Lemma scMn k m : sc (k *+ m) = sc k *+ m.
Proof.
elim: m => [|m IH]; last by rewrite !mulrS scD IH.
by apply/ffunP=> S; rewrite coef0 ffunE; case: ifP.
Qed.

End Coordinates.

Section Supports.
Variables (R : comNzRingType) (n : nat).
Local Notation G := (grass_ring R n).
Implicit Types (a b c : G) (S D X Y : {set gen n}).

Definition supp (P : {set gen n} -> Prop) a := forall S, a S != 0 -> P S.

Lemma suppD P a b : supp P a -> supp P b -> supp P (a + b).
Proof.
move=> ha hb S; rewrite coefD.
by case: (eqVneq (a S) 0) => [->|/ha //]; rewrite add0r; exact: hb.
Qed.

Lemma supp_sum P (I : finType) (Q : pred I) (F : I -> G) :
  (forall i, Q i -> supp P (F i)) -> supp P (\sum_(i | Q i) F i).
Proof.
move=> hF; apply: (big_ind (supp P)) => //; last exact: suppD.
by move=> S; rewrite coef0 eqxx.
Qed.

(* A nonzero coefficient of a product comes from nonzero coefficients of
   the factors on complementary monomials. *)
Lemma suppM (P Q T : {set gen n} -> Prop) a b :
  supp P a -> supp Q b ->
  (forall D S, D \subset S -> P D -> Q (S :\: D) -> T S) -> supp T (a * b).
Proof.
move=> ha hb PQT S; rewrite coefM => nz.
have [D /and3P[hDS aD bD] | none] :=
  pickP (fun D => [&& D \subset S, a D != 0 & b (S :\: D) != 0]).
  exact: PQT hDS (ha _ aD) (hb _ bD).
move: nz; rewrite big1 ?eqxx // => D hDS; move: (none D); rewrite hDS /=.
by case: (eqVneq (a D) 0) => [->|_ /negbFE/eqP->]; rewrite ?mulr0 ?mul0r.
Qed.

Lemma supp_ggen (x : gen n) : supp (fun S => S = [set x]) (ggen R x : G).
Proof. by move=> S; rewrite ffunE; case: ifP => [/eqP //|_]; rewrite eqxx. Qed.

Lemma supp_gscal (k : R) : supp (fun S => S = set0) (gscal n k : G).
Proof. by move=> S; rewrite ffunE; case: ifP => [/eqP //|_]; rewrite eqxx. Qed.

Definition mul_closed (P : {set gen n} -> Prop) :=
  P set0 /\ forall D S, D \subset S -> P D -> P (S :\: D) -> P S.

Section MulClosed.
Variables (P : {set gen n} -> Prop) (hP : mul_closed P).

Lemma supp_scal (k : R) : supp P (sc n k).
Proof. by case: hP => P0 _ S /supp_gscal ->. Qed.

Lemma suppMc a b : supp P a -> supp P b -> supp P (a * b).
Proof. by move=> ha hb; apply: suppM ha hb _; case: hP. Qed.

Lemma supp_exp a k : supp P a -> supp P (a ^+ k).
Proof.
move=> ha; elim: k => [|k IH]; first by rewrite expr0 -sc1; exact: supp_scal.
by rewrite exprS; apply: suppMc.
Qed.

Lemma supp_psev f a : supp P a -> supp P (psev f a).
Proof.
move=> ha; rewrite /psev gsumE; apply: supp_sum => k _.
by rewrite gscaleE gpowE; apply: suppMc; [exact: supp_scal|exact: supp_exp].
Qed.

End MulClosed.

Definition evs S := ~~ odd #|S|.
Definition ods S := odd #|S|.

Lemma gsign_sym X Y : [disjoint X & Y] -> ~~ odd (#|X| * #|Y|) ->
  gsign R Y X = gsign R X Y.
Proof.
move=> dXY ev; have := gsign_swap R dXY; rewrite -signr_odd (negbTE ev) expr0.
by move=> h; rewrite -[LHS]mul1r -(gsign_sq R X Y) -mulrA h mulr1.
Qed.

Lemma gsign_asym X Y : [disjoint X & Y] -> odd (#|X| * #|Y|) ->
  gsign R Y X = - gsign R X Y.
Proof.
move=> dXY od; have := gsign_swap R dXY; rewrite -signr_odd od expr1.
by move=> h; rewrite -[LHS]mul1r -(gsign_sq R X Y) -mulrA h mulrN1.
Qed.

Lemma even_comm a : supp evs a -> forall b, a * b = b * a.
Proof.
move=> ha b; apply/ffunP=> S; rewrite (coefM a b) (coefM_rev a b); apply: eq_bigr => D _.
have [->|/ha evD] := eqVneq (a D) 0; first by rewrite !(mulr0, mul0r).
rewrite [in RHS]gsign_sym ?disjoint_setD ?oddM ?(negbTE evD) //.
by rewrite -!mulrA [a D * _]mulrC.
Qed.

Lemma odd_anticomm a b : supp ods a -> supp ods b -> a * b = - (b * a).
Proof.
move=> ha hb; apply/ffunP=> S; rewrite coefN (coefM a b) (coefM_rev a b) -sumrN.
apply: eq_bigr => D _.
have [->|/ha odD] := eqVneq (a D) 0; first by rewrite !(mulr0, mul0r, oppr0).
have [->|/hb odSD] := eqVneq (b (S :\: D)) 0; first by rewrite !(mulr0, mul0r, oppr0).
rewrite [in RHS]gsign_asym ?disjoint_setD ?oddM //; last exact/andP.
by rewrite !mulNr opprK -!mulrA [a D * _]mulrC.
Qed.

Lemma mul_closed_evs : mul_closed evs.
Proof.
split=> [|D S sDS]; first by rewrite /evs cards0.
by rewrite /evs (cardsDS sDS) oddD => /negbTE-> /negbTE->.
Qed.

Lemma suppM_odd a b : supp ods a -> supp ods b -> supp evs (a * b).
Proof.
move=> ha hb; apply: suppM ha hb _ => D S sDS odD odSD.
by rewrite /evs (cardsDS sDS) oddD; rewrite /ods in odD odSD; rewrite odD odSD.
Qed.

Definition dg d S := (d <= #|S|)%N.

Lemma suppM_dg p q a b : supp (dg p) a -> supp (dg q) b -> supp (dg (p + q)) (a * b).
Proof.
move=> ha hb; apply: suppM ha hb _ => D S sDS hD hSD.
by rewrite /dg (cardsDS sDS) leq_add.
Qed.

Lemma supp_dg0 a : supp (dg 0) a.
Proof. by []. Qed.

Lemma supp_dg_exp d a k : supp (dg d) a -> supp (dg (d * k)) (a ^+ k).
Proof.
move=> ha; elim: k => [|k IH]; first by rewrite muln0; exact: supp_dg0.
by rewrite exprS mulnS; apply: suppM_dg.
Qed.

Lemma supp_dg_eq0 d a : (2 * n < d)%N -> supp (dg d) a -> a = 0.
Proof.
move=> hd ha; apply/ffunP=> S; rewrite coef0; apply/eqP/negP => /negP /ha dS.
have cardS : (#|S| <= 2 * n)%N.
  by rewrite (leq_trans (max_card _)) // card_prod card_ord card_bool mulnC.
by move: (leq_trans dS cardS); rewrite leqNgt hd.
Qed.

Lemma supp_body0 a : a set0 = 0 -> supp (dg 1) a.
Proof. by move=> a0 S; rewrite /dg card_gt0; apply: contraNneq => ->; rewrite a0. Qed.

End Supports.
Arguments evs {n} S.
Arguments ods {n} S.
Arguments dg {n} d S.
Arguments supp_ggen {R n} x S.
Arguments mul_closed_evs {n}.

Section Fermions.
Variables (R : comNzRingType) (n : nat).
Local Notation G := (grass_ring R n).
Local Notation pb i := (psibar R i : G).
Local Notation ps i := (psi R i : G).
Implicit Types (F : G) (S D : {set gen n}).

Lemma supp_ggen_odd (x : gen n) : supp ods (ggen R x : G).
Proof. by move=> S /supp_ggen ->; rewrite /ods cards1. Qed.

++++++++++++++++++++

Find the lines in the records that contain the word "exact", then copy every one of them.

* THE COMPLETED TASK *
by case: (eqVneq (a S) 0) => [->|/ha //]; rewrite add0r; exact: hb.
move=> hF; apply: (big_ind (supp P)) => //; last exact: suppD.
  exact: PQT hDS (ha _ aD) (hb _ bD).
move=> ha; elim: k => [|k IH]; first by rewrite expr0 -sc1; exact: supp_scal.
by rewrite gscaleE gpowE; apply: suppMc; [exact: supp_scal|exact: supp_exp].
rewrite [in RHS]gsign_asym ?disjoint_setD ?oddM //; last exact/andP.
move=> ha; elim: k => [|k IH]; first by rewrite muln0; exact: supp_dg0.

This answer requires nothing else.